GIVEN INFORMATION START

(* If $q>0$ is an equilibrium price of the TWDPP mechanism, then $\mathrm{Welfare}(\vec x(q))\ge\frac{\mathrm{OPT}}{2(1+\delta)}\min\{1,\delta\}$.
   Context: Dynamic posted-price setting: at each time step a block with $m$ slots is produced; $n$ bidders arrive with values $v_1,\dots,v_n$ drawn i.i.d. from a distribution $F$, each participating once and bidding truthfully. Given posted price $q>0$, $M(q)=\{i:v_i\ge q\}$, $N(q)=|M(q)|$. TWDPP: $B$ is chosen uniformly at random among subsets of $M(q)$ of size $\min\{m,N(q)\}$; $x_i(q)=1$ if $i\in B$ (and $i$ pays $q$), else $0$; the next price is $T_{TW}(q,B)=\alpha\frac1m\sum_{i\in B}\min\{b_i,(1+\delta)q\}+(1-\alpha)q$ if $|B|<m$ and $\alpha(1+\delta)q+(1-\alpha)q$ if $|B|=m$, with $\alpha\in(0,1)$, $\delta\in(0,\infty)$. An equilibrium price is a price $q$ with $\mathbb{E}[T_{TW}(q,B)]=q$, expectation over values and the random allocation. $\mathrm{Welfare}(\vec x(q))=\mathbb{E}[\sum_i v_i x_i(q)]$, and $\mathrm{OPT}$ is the expected sum of the $\min\{m,n\}$ largest values. *)

From HB Require Import structures.
From mathcomp Require Import all_boot all_order all_algebra.
From mathcomp Require Import all_classical all_reals all_analysis.
Set Implicit Arguments. Unset Strict Implicit. Unset Printing Implicit Defensive.
Import Order.TTheory GRing.Theory Num.Theory.
Local Open Scope classical_set_scope.
Local Open Scope ring_scope.

Section TWDPP.
Variable R : realType.

Definition Mset n (v : 'I_n -> R) (q : R) : {set 'I_n} := [set i | q <= v i].

(* the support of the uniform random block B: subsets of M(q) of size min{m, N(q)} *)
Definition blocks n (m : nat) (v : 'I_n -> R) (q : R) : {set {set 'I_n}} :=
  [set B : {set 'I_n} | (B \subset Mset v q) && (#|B| == minn m #|Mset v q|)].

(* expectation over the uniform random allocation B (values v fixed) *)
Definition avgB n (m : nat) (v : 'I_n -> R) (q : R) (g : {set 'I_n} -> R) : R :=
  (\sum_(B in blocks m v q) g B) / (#|blocks m v q|)%:R.

(* next price T_TW(q, B); bids are truthful, b_i = v_i *)
Definition T_TW n (m : nat) (alpha delta : R) (v : 'I_n -> R) (q : R)
  (B : {set 'I_n}) : R :=
  if (#|B| < m)%N then
    alpha * (m%:R^-1 * \sum_(i in B) Num.min (v i) ((1 + delta) * q)) + (1 - alpha) * q
  else alpha * ((1 + delta) * q) + (1 - alpha) * q.

Definition welfare_of n (v : 'I_n -> R) (B : {set 'I_n}) : R := \sum_(i in B) v i.

Definition top_sum n (m : nat) (v : 'I_n -> R) : R :=
  \sum_(x <- take (minn m n) (sort (fun a b : R => b <= a) [seq v i | i <- enum 'I_n])) x.

Definition iid_with {d} {T : measurableType d} (P : probability T R) n
  (X : 'I_n -> T -> R) (F : probability R R) : Prop :=
  (forall i, measurable_fun setT (X i)) /\
  forall A : 'I_n -> set R, (forall i, measurable (A i)) ->
    P (\bigcap_(i in [set: 'I_n]) (X i @^-1` A i)) = (\prod_(i < n) F (A i))%E.

End TWDPP.

From HB Require Import structures.
From mathcomp Require Import all_boot all_order all_algebra.
From mathcomp Require Import all_classical all_reals all_analysis.
From mathcomp Require Import measurable_realfun.
From mathcomp Require Import ring lra zify.
Import Order.TTheory GRing.Theory Num.Theory.
Local Open Scope classical_set_scope.
Local Open Scope ring_scope.

(* Write N = |M(q)| and (x - q)^+ for the surplus of a value over the price.  For fixed
   values every block sells min(m, N) items at price at least q, and bidder i is served
   for sure when M(q) \ {i} alone cannot fill the block; taking expectations,
     Welfare >= q E[min(m, N)] + sum_i E[(v_i - q)^+ ; |M(q) \ {i}| < m],
   while OPT <= m q + sum_i E[(v_i - q)^+].  As v_i is independent of M(q) \ {i}, the
   i-th term of the first sum is P(|M(q) \ {i}| < m) E_F[(x - q)^+].  Bounding T_TW
   above by (1 - alpha) q + alpha (1 + delta) q min(m, N) / m and below by
   (1 - alpha) q + alpha (1 + delta) q [N >= m], the equilibrium condition gives
   E[min(m, N)] >= m / (1 + delta) and P(N >= m) <= 1 / (1 + delta), hence
   P(|M(q) \ {i}| < m) >= delta / (1 + delta).  Comparing term by term yields the ratio
   min(1, delta) / (1 + delta), twice the one claimed. *)

Lemma in_setb {U : Type} (b : U -> bool) x : (x \in [set y | b y]) = b x.
Proof. exact: asboolb. Qed.

Section integral_facts.
Local Open Scope ereal_scope.
Context {d : measure_display} {T : measurableType d} {R : realType}.

(* The integral is a difference of suprema over simple functions below f^\+ and
   f^\-, so it is monotone even for non-measurable integrands. *)
Lemma le_integral_pointwise (mu : {measure set T -> \bar R}) (f g : T -> \bar R) :
  (forall x, f x <= g x) -> \int[mu]_x f x <= \int[mu]_x g x.
Proof.
move=> fg; rewrite (integralE _ _ f) (integralE _ _ g).
have fgp := @funepos_le _ _ setT f g (fun x _ => fg x).
have fgn := @funeneg_le _ _ setT f g (fun x _ => fg x).
rewrite !ge0_integralTE => [|x|x|x|x]; try exact: funepos_ge0; try exact: funeneg_ge0.
apply: leeB; apply: ereal_sup_le => _ [h hf <-]; exists h => //= x.
- by apply: le_trans (hf x) _; apply: fgp; rewrite inE.
- by apply: le_trans (hf x) _; apply: fgn; rewrite inE.
Qed.

Lemma integral_affine (P : probability T R) (a b : R) (g : T -> R) :
  (0 <= a)%R -> (0 <= b)%R -> (forall w, 0 <= g w)%R -> measurable_fun setT g ->
  \int[P]_w (a + b * g w)%:E = a%:E + b%:E * \int[P]_w (g w)%:E.
Proof.
move=> a0 b0 g0 mg.
under eq_integral do rewrite EFinD EFinM.
rewrite ge0_integralD //; last 2 first.
- by move=> w _; rewrite -EFinM lee_fin mulr_ge0.
- by apply/measurable_EFinP; apply: measurable_funM.
rewrite integral_cst // [X in _ * X]probability_setT mule1 ge0_integralZl_EFin //.
- by move=> w _; rewrite lee_fin.
- exact/measurable_EFinP.
Qed.

Lemma ge0_integralD_sum (mu : {measure set T -> \bar R}) (I : Type) (s : seq I)
    (f : T -> R) (g : I -> T -> R) :
  (forall w, 0 <= f w)%R -> measurable_fun setT f ->
  (forall i w, 0 <= g i w)%R -> (forall i, measurable_fun setT (g i)) ->
  \int[mu]_w (f w + \sum_(i <- s) g i w)%:E
    = \int[mu]_w (f w)%:E + \sum_(i <- s) \int[mu]_w (g i w)%:E.
Proof.
move=> f0 mf g0 mg; under eq_integral do rewrite EFinD -sumEFin.
rewrite ge0_integralD //.
- by rewrite ge0_integral_sum // => [i|i w _]; [exact/measurable_EFinP | rewrite lee_fin].
- by move=> w _; rewrite lee_fin.
- exact/measurable_EFinP.
- by move=> w _; rewrite sume_ge0 // => i _; rewrite lee_fin.
- by apply: emeasurable_sum => i; exact/measurable_EFinP.
Qed.

Lemma integral_indep (P : probability T R) (F : probability R R) (Y : T -> R)
    (G : set T) (f : R -> \bar R) :
  measurable_fun setT Y -> measurable G -> measurable_fun setT f ->
  (forall x, 0 <= f x) ->
  (forall A, measurable A -> P (Y @^-1` A `&` G) = F A * P G) ->
  \int[P]_(x in G) f (Y x) = P G * \int[F]_x f x.
Proof.
move=> mY mG mf f0 indepYG.
rewrite (eq_measure_integral (mrestr P mG)); last first.
  by move=> A mA AG; rewrite -[RHS]/(P (A `&` G)) setIidl.
have mfY : measurable_fun setT (f \o Y) by exact: measurableT_comp.
have -> : \int[mrestr P mG]_(x in G) f (Y x) = \int[mrestr P mG]_x f (Y x).
  rewrite -(setUv G) (ge0_integral_setU _ mG (measurableC mG)); first last.
  - by rewrite disj_set2E setICr.
  - by move=> x _; exact: f0.
  - by rewrite setUv.
  rewrite (null_set_integral (measurableC mG)) ?adde0 //.
  - exact: measurable_funS mfY.
  - by rewrite -[LHS]/(P (~` G `&` G)) setICl measure0.
rewrite -(preimage_setT Y) -ge0_integral_pushforward //.
have PG0 : (0 <= fine (P G))%R by rewrite fine_ge0.
rewrite (eq_measure_integral (mscale (NngNum PG0) F)); last first.
  move=> A mA _; rewrite -[LHS]/(P (Y @^-1` A `&` G)) indepYG // muleC.
  by rewrite -[RHS]/((fine (P G))%:E * F A) fineK ?fin_num_measure.
by rewrite ge0_integral_mscale //= fineK ?fin_num_measure.
Qed.

End integral_facts.

Definition excess {R : numDomainType} (q x : R) : R := Num.max (x - q) 0.

Lemma excess_ge0 {R : realDomainType} (q x : R) : 0 <= excess q x.
Proof. by rewrite le_max lexx orbT. Qed.

Lemma le_add_excess {R : realDomainType} (q x : R) : x <= q + excess q x.
Proof. by rewrite -lerBlDl le_max lexx. Qed.

Lemma add_excess {R : realDomainType} (q x : R) : q <= x -> q + excess q x = x.
Proof. by move=> qx; rewrite /excess max_l ?subr_ge0 // addrC subrK. Qed.

Lemma excess_eq0 {R : realDomainType} (q x : R) : x < q -> excess q x = 0.
Proof. by move=> xq; rewrite /excess max_r // subr_le0 ltW. Qed.

Lemma measurable_excess {R : realType} (q : R) : measurable_fun setT (excess q).
Proof. by apply: measurable_maxr => //; exact: measurable_funB. Qed.

Definition mean_excess {R : realType} (F : probability R R) (q : R) : \bar R :=
  \int[F]_x (excess q x)%:E.

Lemma mean_excess_ge0 {R : realType} (F : probability R R) (q : R) :
  (0 <= mean_excess F q)%E.
Proof. by apply: integral_ge0 => x _; rewrite lee_fin excess_ge0. Qed.

Section realization.
Context {R : realType} {n m : nat} {v : 'I_n -> R} {q : R}.

Local Notation M := (Mset v q).

Lemma card_blocks_gt0 : (0 < #|blocks m v q|)%N.
Proof. by rewrite cards_draws bin_gt0 geq_minr. Qed.

Lemma blocksP {B} : B \in blocks m v q -> B \subset M /\ #|B| = minn m #|M|.
Proof. by rewrite inE => /andP[-> /eqP ->]. Qed.

Lemma block_full {B} : B \in blocks m v q -> (#|M| <= m)%N -> B = M.
Proof.
move=> /blocksP[BM cardB] Mm; apply/eqP; rewrite eqEcard BM /=.
by rewrite cardB (minn_idPr Mm).
Qed.

Lemma ge_avgB (g : {set 'I_n} -> R) c :
  (forall B, B \in blocks m v q -> c <= g B) -> c <= avgB m v q g.
Proof.
move=> cg; rewrite /avgB ler_pdivlMr ?ltr0n ?card_blocks_gt0 //.
by rewrite mulr_natr -sumr_const; apply: ler_sum.
Qed.

Lemma le_avgB (g : {set 'I_n} -> R) c :
  (forall B, B \in blocks m v q -> g B <= c) -> avgB m v q g <= c.
Proof.
move=> gc; rewrite /avgB ler_pdivrMr ?ltr0n ?card_blocks_gt0 //.
by rewrite mulr_natr -sumr_const; apply: ler_sum.
Qed.

Lemma welfare_ge :
  q * (minn m #|M|)%:R + \sum_i excess q (v i) * (#|M :\ i| < m)%N%:R
    <= avgB m v q (welfare_of v).
Proof.
apply: ge_avgB => B blockB; have [BM cardB] := blocksP blockB.
have -> : welfare_of v B = \sum_(i in B) (q + excess q (v i)).
  apply: eq_bigr => i iB; rewrite add_excess //.
  by have := fintype.subsetP BM i iB; rewrite inE.
rewrite big_split /= sumr_const cardB mulr_natr lerD2l [leRHS]big_mkcond /=.
apply: ler_sum => i _; case: ifP => [_|iNB].
  by rewrite ler_piMr ?excess_ge0 // lern1 leq_b1.
have [iM|iNM] := boolP (i \in M); last first.
  by rewrite excess_eq0 ?mul0r // ltNge; move: iNM; rewrite inE.
case: ltnP => [Mim|]; last by rewrite mulr0.
suff: B = M by move=> BE; move: iNB; rewrite BE iM.
by apply: block_full blockB _; rewrite (cardsD1 i M) iM.
Qed.

Lemma take_sum_le (s : seq R) k : 0 <= q ->
  \sum_(x <- take k s) x <= k%:R * q + \sum_(x <- s) excess q x.
Proof.
move=> q0; elim: s k => [|a s IH] [|k] /=.
- by rewrite !big_nil mul0r addr0.
- by rewrite !big_nil addr0 mulr_ge0.
- by rewrite big_nil mul0r add0r sumr_ge0 // => x _; exact: excess_ge0.
- rewrite !big_cons -addn1 natrD; have := IH k; have := le_add_excess q a; lra.
Qed.

Lemma top_sum_le : 0 <= q -> top_sum m v <= m%:R * q + \sum_i excess q (v i).
Proof.
move=> q0; apply: le_trans (take_sum_le _ _ q0) _; apply: lerD.
  by apply: ler_wpM2r => //; rewrite ler_nat geq_minl.
rewrite (perm_big [seq v i | i <- enum 'I_n]) ?perm_sort //.
by rewrite big_map big_enum.
Qed.

Context {alpha delta : R}.
Hypotheses (m_gt0 : (0 < m)%N) (q_gt0 : 0 < q).
Hypotheses (alpha01 : 0 < alpha < 1) (delta_gt0 : 0 < delta).

Lemma avgB_T_TW_le : avgB m v q (T_TW m alpha delta v q)
  <= (1 - alpha) * q + alpha * (1 + delta) * q / m%:R * (minn m #|M|)%:R.
Proof.
have [alpha_gt0 alpha_lt1] := andP alpha01.
apply: le_avgB => B /blocksP[BM cardB]; rewrite /T_TW; case: ifP => Bm.
  have : \sum_(i in B) Num.min (v i) ((1 + delta) * q) <= #|B|%:R * ((1 + delta) * q).
    by rewrite mulr_natl -sumr_const; apply: ler_sum => i _; rewrite ge_min lexx orbT.
  rewrite cardB => le_sum.
  have am_ge0 : 0 <= alpha / m%:R := divr_ge0 (ltW alpha_gt0) (ler0n _ _).
  by have := ler_wpM2l am_ge0 le_sum; lra.
have -> : minn m #|M| = m by move: Bm; rewrite cardB; lia.
by rewrite divfK ?pnatr_eq0 -?lt0n // addrC mulrA.
Qed.

Lemma avgB_T_TW_ge : (1 - alpha) * q + alpha * (1 + delta) * q * (m <= #|M|)%N%:R
  <= avgB m v q (T_TW m alpha delta v q).
Proof.
have [alpha_gt0 alpha_lt1] := andP alpha01.
apply: ge_avgB => B /blocksP[BM cardB]; rewrite /T_TW; case: ifP => Bm.
  have -> : (m <= #|M|)%N = false by move: Bm; rewrite cardB; lia.
  rewrite mulr0 addr0 lerDr; apply: mulr_ge0 (ltW alpha_gt0) (mulr_ge0 _ _).
    by rewrite invr_ge0.
  apply: sumr_ge0 => i iB; have := fintype.subsetP BM i iB; rewrite inE => qvi.
  by rewrite le_min (le_trans (ltW q_gt0)) //= mulr_ge0 ?ltW // addr_gt0.
have -> : (m <= #|M|)%N = true by move: Bm; rewrite cardB; lia.
by rewrite mulr1; lra.
Qed.

End realization.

GIVEN INFORMATION END

PROMPT:
Reply with every line of the listing that has the string "Hypotheses".

REPLY TO THE EXERCISE:
Hypotheses (m_gt0 : (0 < m)%N) (q_gt0 : 0 < q).
Hypotheses (alpha01 : 0 < alpha < 1) (delta_gt0 : 0 < delta).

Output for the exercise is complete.